__TASK STATEMENT__. Copy out each line below containing "pose".

__DATA PROVIDED__.
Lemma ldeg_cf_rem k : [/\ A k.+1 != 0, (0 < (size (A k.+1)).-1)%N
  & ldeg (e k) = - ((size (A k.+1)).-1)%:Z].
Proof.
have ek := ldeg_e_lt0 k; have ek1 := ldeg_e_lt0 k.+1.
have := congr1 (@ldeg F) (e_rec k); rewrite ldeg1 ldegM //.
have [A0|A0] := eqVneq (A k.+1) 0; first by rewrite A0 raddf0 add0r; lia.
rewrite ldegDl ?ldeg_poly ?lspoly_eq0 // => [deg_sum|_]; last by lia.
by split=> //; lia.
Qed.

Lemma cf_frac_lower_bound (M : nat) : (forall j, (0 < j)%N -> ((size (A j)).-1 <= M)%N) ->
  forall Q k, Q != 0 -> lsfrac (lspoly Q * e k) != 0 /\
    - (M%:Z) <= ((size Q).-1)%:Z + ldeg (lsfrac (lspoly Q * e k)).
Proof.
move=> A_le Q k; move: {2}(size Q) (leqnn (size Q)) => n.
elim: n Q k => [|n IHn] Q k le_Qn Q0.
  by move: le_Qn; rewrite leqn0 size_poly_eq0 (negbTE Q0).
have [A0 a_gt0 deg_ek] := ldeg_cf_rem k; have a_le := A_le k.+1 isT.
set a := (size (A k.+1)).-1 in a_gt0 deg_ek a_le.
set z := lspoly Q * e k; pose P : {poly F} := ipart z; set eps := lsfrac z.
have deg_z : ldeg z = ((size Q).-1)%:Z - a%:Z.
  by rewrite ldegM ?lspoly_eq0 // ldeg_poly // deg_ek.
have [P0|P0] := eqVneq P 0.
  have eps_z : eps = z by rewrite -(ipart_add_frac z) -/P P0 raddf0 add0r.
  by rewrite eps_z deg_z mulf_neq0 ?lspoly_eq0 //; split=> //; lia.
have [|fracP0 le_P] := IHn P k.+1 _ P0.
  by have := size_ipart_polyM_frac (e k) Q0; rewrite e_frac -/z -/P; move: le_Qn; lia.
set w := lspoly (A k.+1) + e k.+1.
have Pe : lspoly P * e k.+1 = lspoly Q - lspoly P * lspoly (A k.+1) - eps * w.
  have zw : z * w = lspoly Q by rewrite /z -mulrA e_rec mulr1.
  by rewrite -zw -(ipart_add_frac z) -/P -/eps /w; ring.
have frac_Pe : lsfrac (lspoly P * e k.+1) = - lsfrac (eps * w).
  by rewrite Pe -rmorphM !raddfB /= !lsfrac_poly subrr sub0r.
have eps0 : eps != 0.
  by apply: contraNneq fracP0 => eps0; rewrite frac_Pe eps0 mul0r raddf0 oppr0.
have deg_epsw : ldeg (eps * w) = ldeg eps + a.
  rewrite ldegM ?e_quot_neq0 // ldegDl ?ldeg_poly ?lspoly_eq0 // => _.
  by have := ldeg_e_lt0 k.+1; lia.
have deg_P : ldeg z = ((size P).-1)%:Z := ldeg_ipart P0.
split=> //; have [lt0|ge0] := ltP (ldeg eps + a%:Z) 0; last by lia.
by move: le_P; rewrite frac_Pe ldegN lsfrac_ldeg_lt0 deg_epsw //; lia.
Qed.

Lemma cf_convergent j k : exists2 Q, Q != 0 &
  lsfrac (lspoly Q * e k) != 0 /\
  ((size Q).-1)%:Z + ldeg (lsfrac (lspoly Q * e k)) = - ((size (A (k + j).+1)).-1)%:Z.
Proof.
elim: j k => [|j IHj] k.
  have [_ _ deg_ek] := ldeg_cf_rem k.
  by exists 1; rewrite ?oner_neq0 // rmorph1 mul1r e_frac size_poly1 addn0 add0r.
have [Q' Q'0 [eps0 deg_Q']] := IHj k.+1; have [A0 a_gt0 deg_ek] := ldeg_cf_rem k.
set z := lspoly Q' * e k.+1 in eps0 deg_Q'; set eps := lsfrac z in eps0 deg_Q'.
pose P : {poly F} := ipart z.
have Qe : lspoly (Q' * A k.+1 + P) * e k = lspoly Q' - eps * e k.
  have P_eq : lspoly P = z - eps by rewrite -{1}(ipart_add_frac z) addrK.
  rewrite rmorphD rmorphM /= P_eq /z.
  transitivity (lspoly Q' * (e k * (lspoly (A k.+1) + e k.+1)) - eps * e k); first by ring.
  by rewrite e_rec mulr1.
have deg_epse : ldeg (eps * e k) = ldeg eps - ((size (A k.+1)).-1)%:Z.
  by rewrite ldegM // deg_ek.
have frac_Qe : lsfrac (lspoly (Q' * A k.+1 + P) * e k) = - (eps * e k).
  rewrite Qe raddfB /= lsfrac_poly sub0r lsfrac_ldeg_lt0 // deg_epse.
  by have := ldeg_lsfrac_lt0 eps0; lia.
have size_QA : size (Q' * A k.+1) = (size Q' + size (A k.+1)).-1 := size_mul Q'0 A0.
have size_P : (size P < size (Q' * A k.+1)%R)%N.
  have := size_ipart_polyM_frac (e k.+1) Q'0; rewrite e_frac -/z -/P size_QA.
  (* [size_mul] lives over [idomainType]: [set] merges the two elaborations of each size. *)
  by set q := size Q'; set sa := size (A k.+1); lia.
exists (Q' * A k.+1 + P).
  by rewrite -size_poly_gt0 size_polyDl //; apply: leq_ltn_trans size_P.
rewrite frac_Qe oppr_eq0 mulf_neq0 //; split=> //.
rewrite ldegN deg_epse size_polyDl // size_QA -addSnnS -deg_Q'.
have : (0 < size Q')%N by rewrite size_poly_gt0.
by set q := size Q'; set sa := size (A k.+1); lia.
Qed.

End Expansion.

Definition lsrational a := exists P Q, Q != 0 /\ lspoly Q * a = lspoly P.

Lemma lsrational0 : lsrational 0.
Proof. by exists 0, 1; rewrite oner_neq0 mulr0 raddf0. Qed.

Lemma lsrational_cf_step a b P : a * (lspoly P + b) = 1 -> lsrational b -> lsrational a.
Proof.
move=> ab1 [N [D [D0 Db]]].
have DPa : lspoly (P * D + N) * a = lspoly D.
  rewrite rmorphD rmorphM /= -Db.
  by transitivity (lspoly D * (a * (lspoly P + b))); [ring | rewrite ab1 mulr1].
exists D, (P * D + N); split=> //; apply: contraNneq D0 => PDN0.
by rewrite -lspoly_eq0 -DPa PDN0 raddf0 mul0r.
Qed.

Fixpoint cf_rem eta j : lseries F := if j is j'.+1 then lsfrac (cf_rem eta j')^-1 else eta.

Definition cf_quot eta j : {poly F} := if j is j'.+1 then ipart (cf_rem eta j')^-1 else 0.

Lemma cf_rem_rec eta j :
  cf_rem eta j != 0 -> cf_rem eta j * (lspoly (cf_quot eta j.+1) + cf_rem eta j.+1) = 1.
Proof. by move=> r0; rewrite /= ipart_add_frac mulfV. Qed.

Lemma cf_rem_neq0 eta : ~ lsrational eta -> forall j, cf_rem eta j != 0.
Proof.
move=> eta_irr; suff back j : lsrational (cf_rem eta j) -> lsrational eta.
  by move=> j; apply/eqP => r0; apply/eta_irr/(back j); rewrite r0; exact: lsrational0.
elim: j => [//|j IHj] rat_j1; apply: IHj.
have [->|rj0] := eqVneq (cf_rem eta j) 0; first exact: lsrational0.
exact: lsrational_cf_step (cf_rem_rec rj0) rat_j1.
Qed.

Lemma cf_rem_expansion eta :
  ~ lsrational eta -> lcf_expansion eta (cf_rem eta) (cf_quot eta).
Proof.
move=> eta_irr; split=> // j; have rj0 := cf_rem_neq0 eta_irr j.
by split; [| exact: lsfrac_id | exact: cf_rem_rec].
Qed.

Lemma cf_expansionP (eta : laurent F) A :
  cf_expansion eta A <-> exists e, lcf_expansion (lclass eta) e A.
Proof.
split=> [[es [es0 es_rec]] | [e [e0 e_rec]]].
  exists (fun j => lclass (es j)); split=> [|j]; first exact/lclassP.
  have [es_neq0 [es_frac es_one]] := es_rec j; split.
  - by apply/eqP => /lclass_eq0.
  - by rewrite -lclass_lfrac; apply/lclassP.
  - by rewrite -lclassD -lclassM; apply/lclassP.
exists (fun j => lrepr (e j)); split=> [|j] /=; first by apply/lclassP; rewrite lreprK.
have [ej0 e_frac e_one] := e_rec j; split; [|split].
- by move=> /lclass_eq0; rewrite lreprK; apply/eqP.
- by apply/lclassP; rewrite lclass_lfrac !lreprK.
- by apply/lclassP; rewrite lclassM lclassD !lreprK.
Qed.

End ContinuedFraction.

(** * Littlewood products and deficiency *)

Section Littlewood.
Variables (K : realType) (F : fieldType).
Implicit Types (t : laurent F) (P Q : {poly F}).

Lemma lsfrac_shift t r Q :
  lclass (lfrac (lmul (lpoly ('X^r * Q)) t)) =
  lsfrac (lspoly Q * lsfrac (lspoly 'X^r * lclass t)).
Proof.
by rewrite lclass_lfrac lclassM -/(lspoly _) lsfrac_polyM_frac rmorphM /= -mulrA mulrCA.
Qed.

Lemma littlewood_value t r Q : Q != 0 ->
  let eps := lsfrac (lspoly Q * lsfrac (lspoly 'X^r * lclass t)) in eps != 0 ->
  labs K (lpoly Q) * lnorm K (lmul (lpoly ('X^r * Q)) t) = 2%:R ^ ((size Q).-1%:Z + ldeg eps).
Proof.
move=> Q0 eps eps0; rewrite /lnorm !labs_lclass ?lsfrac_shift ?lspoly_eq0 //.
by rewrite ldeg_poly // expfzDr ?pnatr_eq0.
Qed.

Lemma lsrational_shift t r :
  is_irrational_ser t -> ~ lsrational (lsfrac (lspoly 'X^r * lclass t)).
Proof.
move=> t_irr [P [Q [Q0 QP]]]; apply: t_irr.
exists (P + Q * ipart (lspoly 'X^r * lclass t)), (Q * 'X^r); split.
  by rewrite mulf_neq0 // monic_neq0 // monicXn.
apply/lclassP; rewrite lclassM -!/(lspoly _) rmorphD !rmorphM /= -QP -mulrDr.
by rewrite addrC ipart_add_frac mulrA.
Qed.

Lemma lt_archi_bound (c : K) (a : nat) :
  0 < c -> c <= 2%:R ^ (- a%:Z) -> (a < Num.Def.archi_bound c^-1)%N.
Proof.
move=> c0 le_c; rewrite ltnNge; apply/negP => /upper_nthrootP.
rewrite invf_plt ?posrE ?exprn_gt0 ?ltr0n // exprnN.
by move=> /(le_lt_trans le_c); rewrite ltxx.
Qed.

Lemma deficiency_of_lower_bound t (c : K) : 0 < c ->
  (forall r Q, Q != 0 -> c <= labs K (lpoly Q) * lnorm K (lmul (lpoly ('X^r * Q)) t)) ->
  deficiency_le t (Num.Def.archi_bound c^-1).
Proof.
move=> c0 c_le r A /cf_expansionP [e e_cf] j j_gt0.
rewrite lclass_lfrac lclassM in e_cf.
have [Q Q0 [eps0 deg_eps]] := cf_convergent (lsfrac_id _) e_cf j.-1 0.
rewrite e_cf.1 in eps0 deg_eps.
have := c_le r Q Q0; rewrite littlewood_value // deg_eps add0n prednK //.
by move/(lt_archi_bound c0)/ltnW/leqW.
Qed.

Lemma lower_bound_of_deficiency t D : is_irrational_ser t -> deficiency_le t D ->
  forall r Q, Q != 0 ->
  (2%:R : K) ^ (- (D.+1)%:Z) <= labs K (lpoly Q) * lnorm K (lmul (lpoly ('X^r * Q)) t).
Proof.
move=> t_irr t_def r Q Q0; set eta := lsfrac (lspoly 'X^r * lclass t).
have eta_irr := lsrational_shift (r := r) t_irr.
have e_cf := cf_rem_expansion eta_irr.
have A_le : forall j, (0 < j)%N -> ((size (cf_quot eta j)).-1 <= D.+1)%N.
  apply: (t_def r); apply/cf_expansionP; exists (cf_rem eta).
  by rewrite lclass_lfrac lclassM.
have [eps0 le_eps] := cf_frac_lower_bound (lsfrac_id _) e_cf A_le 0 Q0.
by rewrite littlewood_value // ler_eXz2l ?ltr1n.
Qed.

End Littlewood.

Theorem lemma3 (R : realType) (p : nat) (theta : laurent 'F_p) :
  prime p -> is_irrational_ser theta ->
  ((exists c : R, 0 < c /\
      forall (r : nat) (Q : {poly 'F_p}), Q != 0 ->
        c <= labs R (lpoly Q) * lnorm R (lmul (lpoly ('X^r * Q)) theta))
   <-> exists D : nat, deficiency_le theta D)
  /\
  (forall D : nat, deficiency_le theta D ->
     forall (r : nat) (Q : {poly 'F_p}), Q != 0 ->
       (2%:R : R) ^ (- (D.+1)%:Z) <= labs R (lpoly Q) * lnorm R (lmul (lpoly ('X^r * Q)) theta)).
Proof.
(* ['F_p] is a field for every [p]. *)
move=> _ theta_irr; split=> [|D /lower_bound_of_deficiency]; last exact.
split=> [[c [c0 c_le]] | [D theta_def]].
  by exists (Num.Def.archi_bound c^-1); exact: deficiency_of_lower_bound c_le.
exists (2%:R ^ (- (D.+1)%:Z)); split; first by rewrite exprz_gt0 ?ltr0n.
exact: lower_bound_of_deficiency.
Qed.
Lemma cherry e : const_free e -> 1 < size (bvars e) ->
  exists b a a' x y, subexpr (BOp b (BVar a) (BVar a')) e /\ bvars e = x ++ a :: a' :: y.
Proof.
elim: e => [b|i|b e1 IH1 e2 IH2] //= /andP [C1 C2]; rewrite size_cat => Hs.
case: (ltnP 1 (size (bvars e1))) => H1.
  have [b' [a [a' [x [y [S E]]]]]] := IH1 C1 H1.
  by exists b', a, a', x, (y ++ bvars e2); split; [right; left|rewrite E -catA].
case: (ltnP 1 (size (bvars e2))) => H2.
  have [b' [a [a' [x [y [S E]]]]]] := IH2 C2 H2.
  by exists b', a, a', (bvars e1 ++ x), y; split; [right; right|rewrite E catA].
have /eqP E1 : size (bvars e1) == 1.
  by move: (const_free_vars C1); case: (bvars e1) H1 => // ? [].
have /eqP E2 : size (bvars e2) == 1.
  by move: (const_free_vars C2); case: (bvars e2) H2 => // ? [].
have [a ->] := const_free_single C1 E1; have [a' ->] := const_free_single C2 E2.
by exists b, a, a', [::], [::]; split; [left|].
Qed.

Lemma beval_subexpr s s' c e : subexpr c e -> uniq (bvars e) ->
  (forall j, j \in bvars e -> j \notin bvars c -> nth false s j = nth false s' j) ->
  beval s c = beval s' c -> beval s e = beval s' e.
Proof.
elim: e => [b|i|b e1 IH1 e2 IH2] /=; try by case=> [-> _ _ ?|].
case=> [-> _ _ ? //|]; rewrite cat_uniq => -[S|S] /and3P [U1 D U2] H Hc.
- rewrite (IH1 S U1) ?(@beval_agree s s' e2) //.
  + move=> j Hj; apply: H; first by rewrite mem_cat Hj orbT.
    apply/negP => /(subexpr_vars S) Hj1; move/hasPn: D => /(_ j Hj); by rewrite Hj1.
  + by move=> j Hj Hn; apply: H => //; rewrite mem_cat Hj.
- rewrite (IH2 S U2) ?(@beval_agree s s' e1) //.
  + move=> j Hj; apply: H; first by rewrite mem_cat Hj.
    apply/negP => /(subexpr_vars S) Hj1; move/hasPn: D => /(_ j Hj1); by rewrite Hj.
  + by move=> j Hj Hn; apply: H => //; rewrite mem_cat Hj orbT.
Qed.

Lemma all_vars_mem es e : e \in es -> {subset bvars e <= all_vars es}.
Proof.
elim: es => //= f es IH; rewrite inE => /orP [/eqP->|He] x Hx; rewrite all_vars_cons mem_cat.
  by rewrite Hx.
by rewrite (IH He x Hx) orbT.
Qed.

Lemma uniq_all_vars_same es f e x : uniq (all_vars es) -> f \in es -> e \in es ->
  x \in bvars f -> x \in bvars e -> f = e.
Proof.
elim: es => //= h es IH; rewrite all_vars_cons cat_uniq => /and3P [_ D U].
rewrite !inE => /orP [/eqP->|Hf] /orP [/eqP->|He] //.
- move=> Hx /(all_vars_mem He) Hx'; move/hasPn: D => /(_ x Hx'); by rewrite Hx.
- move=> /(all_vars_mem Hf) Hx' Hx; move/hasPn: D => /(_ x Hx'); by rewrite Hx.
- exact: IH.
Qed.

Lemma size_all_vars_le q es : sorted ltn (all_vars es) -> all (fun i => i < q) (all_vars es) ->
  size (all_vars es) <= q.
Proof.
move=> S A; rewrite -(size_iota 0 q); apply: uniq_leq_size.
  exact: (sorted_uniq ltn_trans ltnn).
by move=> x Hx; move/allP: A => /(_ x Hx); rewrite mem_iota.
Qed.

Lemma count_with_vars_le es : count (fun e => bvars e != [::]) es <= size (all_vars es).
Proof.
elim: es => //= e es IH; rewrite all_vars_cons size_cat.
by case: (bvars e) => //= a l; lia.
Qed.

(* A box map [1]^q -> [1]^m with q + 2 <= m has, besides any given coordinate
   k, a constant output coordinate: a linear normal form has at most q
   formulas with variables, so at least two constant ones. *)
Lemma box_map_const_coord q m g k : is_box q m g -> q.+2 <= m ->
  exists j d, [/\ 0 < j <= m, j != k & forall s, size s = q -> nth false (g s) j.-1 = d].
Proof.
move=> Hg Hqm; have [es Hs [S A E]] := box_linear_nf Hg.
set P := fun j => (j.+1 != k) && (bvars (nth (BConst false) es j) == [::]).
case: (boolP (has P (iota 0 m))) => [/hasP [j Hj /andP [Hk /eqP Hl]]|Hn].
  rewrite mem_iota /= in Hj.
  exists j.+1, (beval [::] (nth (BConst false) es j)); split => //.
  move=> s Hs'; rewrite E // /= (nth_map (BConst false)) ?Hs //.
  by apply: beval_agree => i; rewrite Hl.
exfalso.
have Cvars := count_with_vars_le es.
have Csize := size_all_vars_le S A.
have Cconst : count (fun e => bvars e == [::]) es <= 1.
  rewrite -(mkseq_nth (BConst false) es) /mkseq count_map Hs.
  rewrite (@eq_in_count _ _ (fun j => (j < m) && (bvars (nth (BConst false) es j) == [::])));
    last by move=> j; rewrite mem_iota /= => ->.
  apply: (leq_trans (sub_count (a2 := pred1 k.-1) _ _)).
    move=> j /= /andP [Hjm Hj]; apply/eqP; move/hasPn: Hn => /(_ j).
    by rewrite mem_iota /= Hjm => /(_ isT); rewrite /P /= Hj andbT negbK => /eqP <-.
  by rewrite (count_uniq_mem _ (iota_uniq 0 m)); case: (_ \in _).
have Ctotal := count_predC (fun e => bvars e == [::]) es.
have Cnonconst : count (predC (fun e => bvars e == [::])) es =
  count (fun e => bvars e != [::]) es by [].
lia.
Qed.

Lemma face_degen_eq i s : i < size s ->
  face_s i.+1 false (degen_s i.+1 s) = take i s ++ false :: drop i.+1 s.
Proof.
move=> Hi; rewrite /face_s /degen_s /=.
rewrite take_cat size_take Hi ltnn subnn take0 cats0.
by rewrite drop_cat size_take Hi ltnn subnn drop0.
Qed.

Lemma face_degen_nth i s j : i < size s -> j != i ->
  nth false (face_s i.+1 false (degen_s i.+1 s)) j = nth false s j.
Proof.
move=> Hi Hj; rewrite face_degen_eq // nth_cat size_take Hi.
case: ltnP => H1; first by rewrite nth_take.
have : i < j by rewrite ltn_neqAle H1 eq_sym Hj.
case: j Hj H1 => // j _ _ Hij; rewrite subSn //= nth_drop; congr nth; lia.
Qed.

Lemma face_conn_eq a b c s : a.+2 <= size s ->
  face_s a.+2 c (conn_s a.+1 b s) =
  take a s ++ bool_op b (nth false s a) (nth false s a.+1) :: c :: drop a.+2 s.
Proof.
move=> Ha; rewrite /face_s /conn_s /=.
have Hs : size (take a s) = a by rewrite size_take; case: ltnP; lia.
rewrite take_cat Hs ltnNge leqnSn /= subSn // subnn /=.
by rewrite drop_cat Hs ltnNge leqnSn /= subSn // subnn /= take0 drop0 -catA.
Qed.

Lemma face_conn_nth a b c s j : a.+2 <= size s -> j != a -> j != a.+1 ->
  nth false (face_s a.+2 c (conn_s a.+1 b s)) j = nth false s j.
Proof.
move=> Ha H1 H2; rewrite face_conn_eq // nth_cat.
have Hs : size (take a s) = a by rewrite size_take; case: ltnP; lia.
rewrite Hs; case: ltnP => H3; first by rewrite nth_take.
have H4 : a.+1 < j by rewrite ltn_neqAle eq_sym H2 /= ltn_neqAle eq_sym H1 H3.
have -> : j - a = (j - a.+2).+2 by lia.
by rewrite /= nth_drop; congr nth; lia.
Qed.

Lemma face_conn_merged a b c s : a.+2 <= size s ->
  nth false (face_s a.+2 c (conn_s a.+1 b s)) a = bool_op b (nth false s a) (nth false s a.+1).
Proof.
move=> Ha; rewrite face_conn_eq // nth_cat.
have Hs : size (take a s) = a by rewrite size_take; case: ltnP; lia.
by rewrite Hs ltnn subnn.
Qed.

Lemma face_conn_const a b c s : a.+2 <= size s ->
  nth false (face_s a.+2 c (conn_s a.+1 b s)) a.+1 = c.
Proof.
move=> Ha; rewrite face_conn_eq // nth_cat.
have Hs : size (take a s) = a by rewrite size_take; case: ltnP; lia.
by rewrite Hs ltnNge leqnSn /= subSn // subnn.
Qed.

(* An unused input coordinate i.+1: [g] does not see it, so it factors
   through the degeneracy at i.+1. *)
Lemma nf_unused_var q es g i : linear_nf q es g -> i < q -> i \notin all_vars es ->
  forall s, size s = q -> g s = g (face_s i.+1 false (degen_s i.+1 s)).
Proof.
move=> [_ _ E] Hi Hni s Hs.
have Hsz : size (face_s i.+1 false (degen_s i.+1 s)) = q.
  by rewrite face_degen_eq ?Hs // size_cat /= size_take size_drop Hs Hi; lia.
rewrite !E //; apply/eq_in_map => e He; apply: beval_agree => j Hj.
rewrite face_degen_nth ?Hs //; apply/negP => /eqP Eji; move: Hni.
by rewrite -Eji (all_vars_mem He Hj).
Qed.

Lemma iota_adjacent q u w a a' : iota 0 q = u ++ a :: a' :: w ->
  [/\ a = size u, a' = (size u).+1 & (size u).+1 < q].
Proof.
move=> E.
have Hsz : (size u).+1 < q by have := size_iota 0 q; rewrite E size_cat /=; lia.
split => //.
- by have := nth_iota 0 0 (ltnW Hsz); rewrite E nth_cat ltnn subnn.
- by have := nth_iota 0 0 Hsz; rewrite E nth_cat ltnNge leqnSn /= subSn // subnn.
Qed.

__TASK ANSWER__.
set z := lspoly Q * e k; pose P : {poly F} := ipart z; set eps := lsfrac z.
pose P : {poly F} := ipart z.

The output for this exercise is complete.